Photonic Label-Free Biosensors for Fast and Multiplex Detection of Swine Viral Diseases

Maribel Gómez-Gómez  1 Carles Sánchez  2 Sergio Peransi  2 David Zurita  1 Laurent Bellieres  1 Sara Recuero  2 Manuel Rodrigo  2 Santiago Simón  2 Alessandra Camarca  3 Alessandro Capo  3   4 Maria Staiano  3 Antonio Varriale  3   4 Sabato D'Auria  3   5 Georgios Manessis  6 Athnasios I Gelasakis  6 Ioannis Bossis  7 Gyula Balka  8 Lilla Dénes  8 Maciej Frant  9 Lapo Nannucci  10 Matteo Bonasso  11 Alessandro Giusti  12 Amadeu Griol  1
Affiliations

Photonic Label-Free Biosensors for Fast and Multiplex Detection of Swine Viral Diseases

Maribel Gómez-Gómez et al. Sensors (Basel). .

Abstract

In this paper we present the development of photonic integrated circuit (PIC) biosensors for the label-free detection of six emerging and endemic swine viruses, namely: African Swine Fever Virus (ASFV), Classical Swine Fever Virus (CSFV), Porcine Reproductive and Respiratory Syndrome Virus (PPRSV), Porcine Parvovirus (PPV), Porcine Circovirus 2 (PCV2), and Swine Influenza Virus A (SIV). The optical biosensors are based on evanescent wave technology and, in particular, on Resonant Rings (RRs) fabricated in silicon nitride. The novel biosensors were packaged in an integrated sensing cartridge that included a microfluidic channel for buffer/sample delivery and an optical fiber array for the optical operation of the PICs.

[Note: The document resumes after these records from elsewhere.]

Lemma len_spec w : is_length s w (len w).
Proof.
  unfold coxlen. apply epsilon_spec.
  destruct (dec_inh_nat_subset_has_unique_least_element
              (fun n => exists l, length l = n /\ ev l = w)) as [n [[[l Hl] Hmin] _]].
  - intros n. apply classic.
  - destruct (words_generate w) as [l Hl]. exists (length l), l. auto.
  - exists n. split; [exists l; exact Hl|].
    intros l' Hl'. apply Hmin. exists l'. auto.
Qed.

Lemma len_word_le l : len (ev l) <= length l.
Proof. exact (proj2 (len_spec (ev l)) l eq_refl). Qed.

Lemma reduced_word w : exists l, length l = len w /\ ev l = w.
Proof. apply (proj1 (len_spec w)). Qed.

Lemma len_mul_s_le w i : len (gmul w (s i)) <= S (len w).
Proof.
  destruct (reduced_word w) as [l [Hl <-]]. rewrite <- ev_rcons.
  etransitivity; [apply len_word_le|]. rewrite length_app; simpl; lia.
Qed.

Lemma len1 : len gone = 0.
Proof. pose proof (len_word_le []). simpl in H. lia. Qed.

Lemma len_eq0 w : len w = 0 -> w = gone.
Proof.
  intros H. destruct (reduced_word w) as [[|i l] [Hl <-]]; [reflexivity|].
  rewrite H in Hl. discriminate.
Qed.
Theorem theorem5 (R : realType) (n : nat) (y : R) :
  (0 < n)%N ->
  y < 0 -> expR (y - 2) = y ^+ 2 / 4 ->
  (* (1) *)
  (forall delta : R, 0 <= delta <= 1 ->
     exists gc : R, 0 < gc /\
       (forall gamma : R, 0 <= gamma < gc ->
          lin_stable (jacP gamma delta (@harmonic_state R n))) /\
       (forall gamma : R, gc < gamma ->
          lin_unstable (jacP gamma delta (@harmonic_state R n))) /\
       (delta = 1 -> gc = 1)) /\
  (* (2) *)
  (forall delta : R, 1 < delta < 1 - y ->
     exists g1 g2 : R, 0 < g1 /\ 0 < g2 /\
       (forall gamma : R, 0 <= gamma ->
          (lin_unstable (jacP gamma delta (@harmonic_state R n)) <-> g1 < gamma < g2)) /\
       (forall gamma : R, 0 <= gamma -> (gamma < g1 \/ g2 < gamma) ->
          lin_stable (jacP gamma delta (@harmonic_state R n)))) /\
  (* (3) *)
  (forall delta : R, 1 - y < delta ->
     forall gamma : R, 0 < gamma ->
       lin_stable (jacP gamma delta (@harmonic_state R n))).
Proof.
move=> n_gt0 y_lt0 y_root; split; [|split].
- move=> d /andP [_ d_le1].
  have [gc [/andP [gc_lo _] below above gc1]] := stab_threshold_le1 d_le1.
  exists gc; split; first lra.
  split; first by move=> g /andP [_ /below]; apply: harmonic_stable.
  by split=> // g g_gt; rewrite harmonic_unstableE // above.
- move=> d d_range; have /andP [d_gt1 _] := d_range.
  have [g1 [g2 [/andP [g1_gt g12] inside outside]]] :=
    stab_window_gt1 d_gt1 (stab_index_peak_gt1 y_lt0 y_root d_range).
  exists g1, g2; split; first lra.
  split; first lra.
  split=> g _; first by rewrite harmonic_unstableE // inside.
  by move/outside; apply: harmonic_stable.
- move=> d d_gt g _; apply/harmonic_stable/stab_index_lt1; first lra.
  exact: stab_index_peak_lt1 y_lt0 y_root d_gt.
Qed.
Lemma PSeries_coef_0_of_bound (a : nat -> R) (f : R -> R) (e L : R) :
  0 < e -> Rbar_lt 0 (CV_radius a) ->
  (forall x, 0 < x < e -> PSeries a x = f x) ->
  (forall x, 0 < x < e -> Rabs (f x - L) <= x) -> a 0%nat = L.
Proof.
  intros He Hr Hf Hb.
  assert (Hc : continuity_pt (PSeries a) 0).
  { apply PSeries_continuity. now rewrite Rabs_R0. }
  rewrite <- (PSeries_0 a).
  apply Rminus_diag_uniq, Rabs_eq_0, Rle_antisym; [|apply Rabs_pos].
  apply le_epsilon. intros eps Heps.
  destruct (Hc (eps / 2) ltac:(lra)) as [alp [Halp Hd]].
  set (x := Rmin (Rmin alp eps) e / 2).
  assert (Hm1 := Rmin_l (Rmin alp eps) e). assert (Hm2 := Rmin_r (Rmin alp eps) e).
  assert (Hm3 := Rmin_l alp eps). assert (Hm4 := Rmin_r alp eps).
  assert (Hx0 : 0 < x).
  { unfold x. pose proof (Rmin_glb_lt _ _ 0 (Rmin_glb_lt alp eps 0 Halp Heps) He). lra. }
  assert (Hx : 0 < x < e) by (split; [exact Hx0 | unfold x in *; lra]).
  assert (Hxa : x < alp) by (unfold x in *; lra).
  assert (Hxe : x <= eps / 2) by (unfold x in *; lra).
  assert (Hnear : Rabs (PSeries a x - PSeries a 0) < eps / 2).
  { specialize (Hd x). simpl in Hd. unfold R_dist in Hd.
    apply Hd. split; [split; [exact I | lra]|].
    rewrite Rminus_0_r, Rabs_pos_eq; lra. }
  rewrite (Hf x Hx) in Hnear. specialize (Hb x Hx).
  apply Rabs_def2 in Hnear. apply Rabs_le. apply Rabs_le_between in Hb. lra.
Qed.

Lemma PSeries_coef_eq_0 (a : nat -> R) (e : R) :
  0 < e -> (forall x, Rabs x < e -> ex_pseries a x) ->
  (forall x, 0 < Rabs x < e -> PSeries a x = 0) -> forall n, a n = 0.
Proof.
  intros He Hex H n.
  assert (Hr0 : Rbar_lt 0 (CV_radius a)).
  { rewrite <- Rabs_R0. apply (CV_radius_gt_of_ex_pseries a e); [|rewrite Rabs_R0; lra].
    intros x Hx. apply Hex. rewrite Rabs_pos_eq; lra. }
  assert (H0 : PSeries a 0 = 0).
  { rewrite PSeries_0. apply (PSeries_coef_0_of_bound a (fun _ => 0) e); auto.
    - intros x Hx. apply H. rewrite Rabs_pos_eq; lra.
    - intros x Hx. rewrite Rminus_0_r, Rabs_R0. lra. }
  apply (PSeries_ext_recip a (fun _ => 0) n Hr0).
  - rewrite CV_radius_const_0. exact I.
  - exists (mkposreal e He). intros y Hy. rewrite PSeries_const_0.
    destruct (Req_dec y 0) as [->|Hy0]; [exact H0|].
    apply H. split; [now apply Rabs_pos_lt|].
    unfold ball in Hy; simpl in Hy. unfold AbsRing_ball, abs, minus, plus, opp in Hy; simpl in Hy.
    now rewrite Ropp_0, Rplus_0_r in Hy.
Qed.

Definition PS_one (n : nat) : R := match n with O => 1 | _ => 0 end.

Definition PS_id : nat -> R := PS_incr_1 PS_one.

Lemma ex_pseries_one (x : R) : ex_pseries PS_one x.
Proof.
  apply ex_series_incr_1.
  eapply ex_series_ext; [|apply (CV_radius_inside (fun _ => 0) x)].
  - intros n. unfold scal, mult; simpl. unfold mult; simpl. ring.
  - now rewrite CV_radius_const_0.
Qed.

Lemma PSeries_one (x : R) : PSeries PS_one x = 1.
Proof.
  rewrite PSeries_decr_1 by apply ex_pseries_one. simpl.
  rewrite (PSeries_ext _ (fun _ => 0)) by reflexivity.
  rewrite PSeries_const_0. ring.
Qed.

Lemma ex_pseries_id (x : R) : ex_pseries PS_id x.
Proof. apply ex_pseries_incr_1, ex_pseries_one. Qed.

Lemma PSeries_id (x : R) : PSeries PS_id x = x.
Proof. unfold PS_id. rewrite PSeries_incr_1, PSeries_one. ring. Qed.

Lemma pow_opp (t : R) (n : nat) : (- t) ^ n = (-1) ^ n * t ^ n.
Proof. rewrite <- Rpow_mult_distr. f_equal. ring. Qed.

Lemma PSeries_alt (a : nat -> R) (t : R) :
  PSeries (fun n => (-1) ^ n * a n) t = PSeries a (- t).
Proof. unfold PSeries. apply Series_ext. intros n. rewrite pow_opp. ring. Qed.

Lemma ex_pseries_alt (a : nat -> R) (t : R) :
  ex_pseries a (- t) -> ex_pseries (fun n => (-1) ^ n * a n) t.
Proof.
  apply ex_series_ext. intros n. rewrite !pow_n_pow, pow_opp.
  change ((-1) ^ n * t ^ n * a n = t ^ n * ((-1) ^ n * a n)). ring.
Qed.

Definition PS_xderive (a : nat -> R) (n : nat) : R := INR n * a n.

Lemma PS_xderive_incr_1 (a : nat -> R) (n : nat) :
  PS_xderive a n = PS_incr_1 (PS_derive a) n.
Proof. destruct n; unfold PS_xderive, PS_derive; simpl; [apply Rmult_0_l | reflexivity]. Qed.

Lemma PSeries_xderive (a : nat -> R) (x : R) :
  PSeries (PS_xderive a) x = x * PSeries (PS_derive a) x.
Proof. rewrite (PSeries_ext _ _ x (PS_xderive_incr_1 a)). apply PSeries_incr_1. Qed.

Lemma ex_pseries_xderive (a : nat -> R) (x : R) :
  Rbar_lt (Rabs x) (CV_radius a) -> ex_pseries (PS_xderive a) x.
Proof.
  intros H. eapply ex_pseries_ext; [intros n; symmetry; apply PS_xderive_incr_1|].
  apply ex_pseries_incr_1, ex_pseries_derive, H.
Qed.

Lemma Series_geom_bounds (a : nat -> R) (c r : R) :
  0 <= r < 1 -> (forall n, 0 <= a n <= c * r ^ n) -> a 0%nat <= Series a <= c / (1 - r).
Proof.
  intros Hr Ha.
  assert (Hgeo : ex_series (fun n => c * r ^ n)).
  { apply (ex_series_scal_l c (fun n => r ^ n)), ex_series_geom. rewrite Rabs_pos_eq; lra. }
  assert (Hex : ex_series a).
  { apply ex_series_Rabs.
    apply (@ex_series_le R_AbsRing R_CompleteNormedModule _ (fun n => c * r ^ n)); [|exact Hgeo].
    intros n. specialize (Ha n). unfold norm; simpl; unfold abs; simpl.
    rewrite Rabs_Rabsolu, Rabs_pos_eq; lra. }
  split.
  - rewrite Series_incr_1 by exact Hex.
    enough (0 <= Series (fun n => a (S n))) by (specialize (Ha 0%nat); lra).
    assert (Hz : Series (fun _ : nat => 0) = 0).
    { rewrite (Series_ext _ (fun _ => 0 * 0)) by (intros; ring). rewrite Series_scal_l. ring. }
    rewrite <- Hz. apply Series_le; [intros n; specialize (Ha (S n)); lra|].
    now apply (ex_series_incr_1 a).
  - apply Rle_trans with (Series (fun n => c * r ^ n)); [now apply Series_le|].
    rewrite Series_scal_l.
    replace (Series (pow r)) with (/ (1 - r))
      by (symmetry; apply is_series_unique, is_series_geom; rewrite Rabs_pos_eq; lra).
    right. field. lra.
Qed.

Lemma sum_f_R0_even_odd (F : nat -> R) (m : nat) :
  sum_f_R0 F (2 * m + 2) =
  sum_f_R0 (fun j => F (2 * j)%nat) (S m) + sum_f_R0 (fun j => F (2 * j + 1)%nat) m.
Proof.
  induction m as [|m IH]; [simpl; ring|].
  replace (2 * S m + 2)%nat with (S (S (2 * m + 2))) by lia.
  rewrite !tech5, IH, tech5.
  replace (S (S (2 * m + 2))) with (2 * S (S m))%nat by lia.
  replace (S (2 * m + 2)) with (2 * S m + 1)%nat by lia. ring.
Qed.

Lemma sumR_nonneg (F : nat -> R) (n : nat) : (forall j, 0 <= F j) -> 0 <= sumR F n.
Proof. intros H. induction n as [|n IH]; simpl; [lra|]. specialize (H n). lra. Qed.

Lemma PI2_lt_8_5 : PI / 2 < 8 / 5.
Proof.
  destruct (Rlt_or_le (PI / 2) (8 / 5)) as [H|H]; [exact H | exfalso].
  assert (Hc : 0 <= cos (8 / 5)) by (apply cos_ge_0; pose proof PI_RGT_0; lra).
  destruct (pre_cos_bound (8 / 5) 0 ltac:(lra) ltac:(lra)) as [_ Hb].
  unfold cos_approx, cos_term in Hb. simpl in Hb. lra.
Qed.

Lemma INR_fact_S (n : nat) : INR (fact (S n)) = INR (S n) * INR (fact n).
Proof. now rewrite fact_simpl, mult_INR. Qed.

Antibodies were used as molecular recognition elements (MREs) and were selected based on western blotting and ELISA experiments to ensure the high sensitivity and specificity of the novel sensors. MREs were immobilized on RR surfaces to capture viral antigens. Antibody-antigen interactions were transduced via the RRs to a measurable resonant shift. Cell culture supernatants for all of the targeted viruses were used to validate the biosensors. Resonant shift responses were dose-dependent. The results were obtained within the framework of the SWINOSTICS project, contributing to cover the need of the novel diagnostic tools to tackle swine viral diseases.

Keywords: antibody; biosensor; label-free; photonic integrated circuit (PIC); photonics; ring resonator; swine disease.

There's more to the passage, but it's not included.